Resonant Meta‐Lens in the Visible

Abstract Meta‐lenses can offer potential improvements over traditional optical components in imaging, display, and detection. Initial meta‐lenses strive for uniform spectral responses over broadband for full‐color imaging. Nevertheless, enhancing wavelength selectivity remains crucial for specific applications, such as fluorescence imaging and augmented reality, requiring specific wavelengths. Current methods struggle to balance nonlocal resonance with local phase control or introduce an additional filter layer. Here, an all‐dielectric resonant meta‐lens for wavelength‐selective focusing based on the Fresnel zone plate design is experimentally demonstrated. The coupling between nonlocal lattice resonance and local Mie‐type resonance is effectively manipulated to control the reflection and bandwidth.
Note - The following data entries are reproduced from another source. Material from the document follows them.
(* The triangle's longest edge joins min and max of {p,q,r}; for a < b < c the
   traversal a -> b -> c is counterclockwise iff edge ac is in the upper page.
   Cyclic shifts preserve and reversals flip the orientation. *)
Definition ccw (page : pages) (p q r : nat) : bool :=
  let lo := minn p (minn q r) in
  let hi := maxn p (maxn q r) in
  let cyc := [|| (p < q < r), (q < r < p) | (r < p < q)] in
  cyc == page lo hi.

Definition on_left (page : pages) (p q r : nat) : bool := ccw page p q r.

Definition left_count (m : nat) (page : pages) (p q : nat) : nat :=
  \sum_(1 <= r < m.+1 | (r != p) && (r != q)) nat_of_bool (on_left page p q r).

Definition edge_index (m : nat) (page : pages) (p q : nat) : nat :=
  minn (left_count m page p q) (m - 2 - left_count m page p q).

Definition E (m : nat) (page : pages) (i : nat) : nat :=
  \sum_(1 <= p < m.+1) \sum_(p.+1 <= q < m.+1)
     nat_of_bool (edge_index m page p q == i).

Definition Eleqleq (m : nat) (page : pages) (k : nat) : nat :=
  \sum_(0 <= i < k.+1) (k.+1 - i) * E m page i.

From mathcomp Require Import all_boot zify ring.
Set Implicit Arguments. Unset Strict Implicit. Unset Printing Implicit Defensive.

(* Write A_m(k) for the sum, over the edges of the drawing of K_m on the vertices
   1..m, of (k - index)^+, so that E_{<=<=k} = A_m(k+1).

   The left counts of the edges at a fixed vertex are pairwise
   distinct.  Hence, when a vertex m+1 is added to a drawing of K_m with
   m >= 2k+3, its m new edges contribute at least 2 C(k+2,2) to A_{m+1}(k+1); each
   old edge contributes at least what it contributed to A_m(k), and the edges at
   the first k+1 vertices gain a further C(k+2,2) in total.  So
   A_m(k) + 3 C(k+2,2) <= A_{m+1}(k+1), and by induction A_m(k+1) >= 3 C(k+3,3)
   whenever m >= 2k+4.

   Among four vertices, the six (edge, pair of other vertices)
   incidences put the pair on the same side of the edge 3 + [crossing] times, so
   cr + 3 C(n,4) = sum over edges of C(i,2) + C(n-2-i,2), i the left count.  This
   is an affine combination of the A_n(k), k < n/2, with positive coefficients,
   and it equals Z(n) + 3 C(n,4) exactly at A_n(k) = 3 C(k+2,3).  Thus a crossing
   optimal drawing attains all the lower bounds, and the step inequality carries
   the equalities from D to the drawings D_j. *)

(** * Sums over ranges of naturals *)

Lemma leq_sum_nat m n (F G : nat -> nat) :
  (forall i, m <= i < n -> F i <= G i) ->
  \sum_(m <= i < n) F i <= \sum_(m <= i < n) G i.
Proof.
move=> h; rewrite big_nat_cond [X in _ <= X]big_nat_cond.
by apply: leq_sum => i /andP[hi _]; apply: h.
Qed.

Lemma sum_bool_le a b (F : nat -> bool) : \sum_(a <= r < b) F r <= b - a.
Proof.
rewrite -[b - a]muln1 -sum_nat_const_nat; apply: leq_sum => i _; by case: (F i).
Qed.

Lemma bool_leq_nat (a b : bool) : (a -> b) -> (a : nat) <= b.
Proof. by case: a; case: b => // /(_ isT). Qed.

Lemma sum_leq_idx n x : x < n -> \sum_(0 <= v < n) (v <= x) = x.+1.
Proof.
elim: n => [|n IH] h //; rewrite big_nat_recr //=.
case: (ltngtP x n) => hx.
- by rewrite IH // addn0.
- lia.
- subst; rewrite addn1; congr _.+1.
  rewrite -[RHS]muln1 -[X in X * 1](subn0 n) -sum_nat_const_nat.
  apply: eq_big_nat => i hi; rewrite (_ : (i <= n) = true) //; lia.
Qed.

Lemma sum_geq_idx n y : y <= n -> \sum_(0 <= v < n) (y <= v) = n - y.
Proof.
elim: n => [|n IH] h; first by rewrite big_geq //; lia.
rewrite big_nat_recr //=.
case: (leqP y n) => hy.
- rewrite IH //; lia.
- have -> : y = n.+1 by lia.
  rewrite subnn addn0; apply: big1_seq => i; rewrite mem_index_iota => /andP[_ hi].
  rewrite (_ : (n.+1 <= i) = false) //; lia.
Qed.

Lemma sum_subn_succ N i : \sum_(0 <= t < N) (t.+1 - i) = 'C(N.+1 - i, 2).
Proof.
elim: N => [|N IH]; first by rewrite big_geq //; case: i => [|[|i]].
rewrite big_nat_recr //= IH.
case: (leqP i N.+1) => hi.
- rewrite (_ : N.+2 - i = (N.+1 - i).+1); last by lia.
  by rewrite binS bin1 addnC.
- by rewrite (_ : N.+2 - i = 0) 1?(_ : N.+1 - i = 0) //; lia.
Qed.

Lemma sum_subn_tri n k : k < n -> \sum_(0 <= v < n) (k.+1 - v) = 'C(k.+2, 2).
Proof.
move=> hk; rewrite big_nat_rev /= add0n.
rewrite (@eq_big_nat _ _ _ 0 n _ (fun v => v.+1 - (n - k.+1))); last by move=> v hv; lia.
by rewrite sum_subn_succ; congr 'C(_, 2); lia.
Qed.

Lemma sum_bin3 N : \sum_(0 <= t < N) 'C(t.+3, 3) = 'C(N.+3, 4).
Proof.
elim: N => [|N IH]; first by rewrite big_geq.
by rewrite big_nat_recr //= IH (binS N.+3 3).
Qed.

Lemma sum_mul_eq N (F : nat -> nat) x :
  \sum_(0 <= i < N) F i * (x == i) = if x < N then F x else 0.
Proof.
elim: N => [|N IH]; first by rewrite big_geq.
rewrite big_nat_recr //= IH.
case: (ltngtP x N) => h /=.
- by rewrite muln0 addn0 (_ : x < N.+1) //; lia.
- by rewrite muln0 addn0 (_ : x < N.+1 = false) //; lia.
- by subst x; rewrite ltnSn muln1.
Qed.

Lemma eq_from_sum_leq N (f g : nat -> nat) : (forall t, t < N -> g t <= f t) ->
  \sum_(0 <= t < N) f t = \sum_(0 <= t < N) g t -> forall t, t < N -> f t = g t.
Proof.
elim: N => [|N IH] hle heq t ht //.
move: heq; rewrite !big_nat_recr //= => heq.
have hs : \sum_(0 <= t < N) g t <= \sum_(0 <= t < N) f t.
  by apply: leq_sum_nat => i hi; apply: hle; lia.
have hN := hle N (ltnSn N).
case: (ltngtP t N) => htN.
- by apply: IH => //; [move=> i hi; apply: hle; lia | lia].
- lia.
- subst t; lia.
Qed.

Lemma sum_pairs_and n (y : nat -> bool) :
  \sum_(1 <= r < n.+1) \sum_(r.+1 <= s < n.+1) (y r && y s)
  = 'C(\sum_(1 <= r < n.+1) y r, 2).
Proof.
elim: n => [|n IH]; first by rewrite !big_geq.
rewrite (@big_nat_recr _ _ _ n.+1 1) //= (@big_geq _ _ _ n.+2 n.+2) // addn0.
rewrite (@eq_big_nat _ _ _ 1 n.+1 _ (fun r =>
   \sum_(r.+1 <= s < n.+1) (y r && y s) + (y r && y n.+1))); last first.
  by move=> r hr; rewrite big_nat_recr //=; lia.
rewrite big_split /= IH [in RHS](@big_nat_recr _ _ _ n.+1 1) //=.
set Y := \sum_(1 <= r < n.+1) y r.
have -> : \sum_(1 <= i < n.+1) (y i && y n.+1) = y n.+1 * Y.
  rewrite /Y big_distrr /=; apply: eq_bigr => i _; by case: (y i); case: (y n.+1).
case: (y n.+1); rewrite /= ?mul1n ?mul0n ?addn0 //.
by rewrite addn1 binS bin1.
Qed.

Lemma sum_nat_eq1 n p : 1 <= p <= n -> \sum_(1 <= r < n.+1) (r == p) = 1.
Proof.
move=> hp; rewrite (@big_cat_nat _ _ _ p 1 n.+1) //=; [|lia|lia].
rewrite (@big_ltn _ _ _ p n.+1) //=; last by lia.
rewrite eqxx !big1_seq ?addn0 // => i; rewrite mem_index_iota => /andP[hi1 hi2];
  rewrite (_ : (i == p) = false) //; lia.
Qed.

Lemma sum_nat_neq2 n p q : 1 <= p -> p < q -> q <= n ->
  \sum_(1 <= r < n.+1) ((r != p) && (r != q)) = n - 2.
Proof.
move=> h1 h2 h3.
have E : \sum_(1 <= r < n.+1) 1 = \sum_(1 <= r < n.+1) ((r != p) && (r != q))
   + \sum_(1 <= r < n.+1) (r == p) + \sum_(1 <= r < n.+1) (r == q).
  rewrite -!big_split; apply: eq_bigr => r _ /=.
  case: (eqVneq r p) => [->|hrp]; case: (eqVneq r q) => [hrq|hrq] //=; lia.
move: E; rewrite !sum_nat_eq1 ?sum_nat_const_nat; lia.
Qed.

Lemma bin2_mul2 x : 'C(x, 2) * 2 = x * x.-1.
Proof.
elim: x => [|x IH] //.
by rewrite binS bin1 mulnDl IH; case: x {IH} => //= x; lia.
Qed.

Lemma bin3_mul6 x : 'C(x, 3) * 6 = x * (x - 1) * (x - 2).
Proof. have := bin_ffact x 3; rewrite !ffactnS ffactn0 => ->; lia. Qed.

Lemma bin4_mul24 x : 'C(x, 4) * 24 = x * (x - 1) * (x - 2) * (x - 3).
Proof. have := bin_ffact x 4; rewrite !ffactnS ffactn0 => ->; lia. Qed.

(* Both maps below send [s, s + n) bijectively onto [0, n), which is stated as
   invariance of sums.  They are the shapes of the left counts of the edges at a
   fixed vertex. *)
Lemma sum_rank_suffix (b : nat -> bool) s n (h : nat -> nat) :
  \sum_(s <= q < s + n) h (\sum_(q.+1 <= r < s + n) b r + (q - s) * ~~ b q)
  = \sum_(0 <= v < n) h v.
Proof.
elim: n h => [|n IH] h; first by rewrite addn0 !big_geq.
rewrite addnS big_nat_recr ?leq_addr //=.
rewrite (@big_geq _ _ _ (s+n).+1 (s+n).+1) // add0n; have -> : s + n - s = n by lia.
have -> : \sum_(s <= q < s + n)
     h (\sum_(q.+1 <= r < (s + n).+1) b r + (q - s) * ~~ b q)
   = \sum_(s <= q < s + n)
     h (b (s + n) + (\sum_(q.+1 <= r < s + n) b r + (q - s) * ~~ b q)).
  apply: eq_big_nat => q /andP[_ hq]; rewrite big_nat_recr //=; congr h; lia.
case: (b (s + n)) => /=.
- by rewrite (IH (fun v => h v.+1)) big_nat_recl //= muln0 addnC.
- by rewrite IH big_nat_recr //= muln1.
Qed.

Lemma sum_rank_prefix (b : nat -> bool) n : forall s (h : nat -> nat),
  \sum_(s <= p < s + n) h (\sum_(s <= r < p) b r + (s + n - p.+1) * ~~ b p)
  = \sum_(0 <= v < n) h v.
Proof.
elim: n => [|n IH] s h; first by rewrite addn0 !big_geq.
rewrite big_ltn ?addnS ?ltnS ?leq_addr //.
rewrite (@big_geq _ _ _ s s) // add0n.
have -> : (s + n).+1 - s.+1 = n by lia.
have -> : \sum_(s.+1 <= p < (s + n).+1)
    h (\sum_(s <= r < p) b r + ((s + n).+1 - p.+1) * ~~ b p)
  = \sum_(s.+1 <= p < s.+1 + n)
    h (b s + (\sum_(s.+1 <= r < p) b r + (s.+1 + n - p.+1) * ~~ b p)).
  rewrite addSn; apply: eq_big_nat => p /andP[hp _].
  rewrite (big_ltn hp); congr h; lia.
case: (b s) => /=.
- by rewrite (IH _ (fun v => h v.+1)) big_nat_recl //= muln0.
- under eq_big_nat do rewrite add0n.
  by rewrite IH big_nat_recr //= muln1 addnC.
Qed.

(** * Sums over the edges and over the 4-sets of vertices *)

Definition sum_edges (m : nat) (F : nat -> nat -> nat) : nat :=
  \sum_(1 <= p < m.+1) \sum_(p.+1 <= q < m.+1) F p q.

Lemma eq_sum_edges m F G :
  (forall p q, 1 <= p -> p < q -> q <= m -> F p q = G p q) ->
  sum_edges m F = sum_edges m G.
Proof.
move=> h; apply: eq_big_nat => p hp; apply: eq_big_nat => q hq; apply: h; lia.
Qed.

Lemma sum_edgesD m F G :
  sum_edges m (fun p q => F p q + G p q) = sum_edges m F + sum_edges m G.
Proof. rewrite /sum_edges -big_split; apply: eq_bigr => p _; exact: big_split. Qed.

Lemma sum_edgesZ m c F : sum_edges m (fun p q => c * F p q) = c * sum_edges m F.
Proof. by rewrite /sum_edges big_distrr; apply: eq_bigr => p _; rewrite big_distrr. Qed.

Lemma sum_edges1 m : sum_edges m (fun _ _ => 1) = 'C(m, 2).
Proof.
by have := sum_pairs_and m (fun _ => true); rewrite sum_nat_const_nat subn1 muln1 => <-.
Qed.

Lemma sum_edges_const m c : sum_edges m (fun _ _ => c) = c * 'C(m, 2).
Proof. by rewrite -sum_edges1 -sum_edgesZ; apply: eq_sum_edges => p q *; rewrite muln1. Qed.

Lemma exchange_sum_edges m N G :
  sum_edges m (fun p q => \sum_(0 <= t < N) G t p q) =
  \sum_(0 <= t < N) sum_edges m (G t).
Proof.
rewrite /sum_edges [RHS]exchange_big_nat; apply: eq_bigr => p _.
exact: exchange_big_nat.
Qed.

Definition sum_quads (n : nat) (F : nat -> nat -> nat -> nat -> nat) : nat :=
  \sum_(1 <= a < n.+1) \sum_(a.+1 <= b < n.+1) \sum_(b.+1 <= c < n.+1)
    \sum_(c.+1 <= d < n.+1) F a b c d.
Without considering the balance between nonlocal resonance excitation and local phase control, the resonant meta‐lens can reflectively focus at a resonant wavelength of 460 nm while allowing normal transmission at non‐resonant wavelengths, which is generally restricted in conventional metallic counterparts. Simulation (experimental) results indicate a high color purity of 90% (66%), surpassing those of meta‐lenses with filtering functions. A multi‐resonant meta‐lens is further designed for red, green, and blue colors. This work offers enhanced options for wavelength‐selective meta‐lenses, expanding their potential in optical imaging and display applications.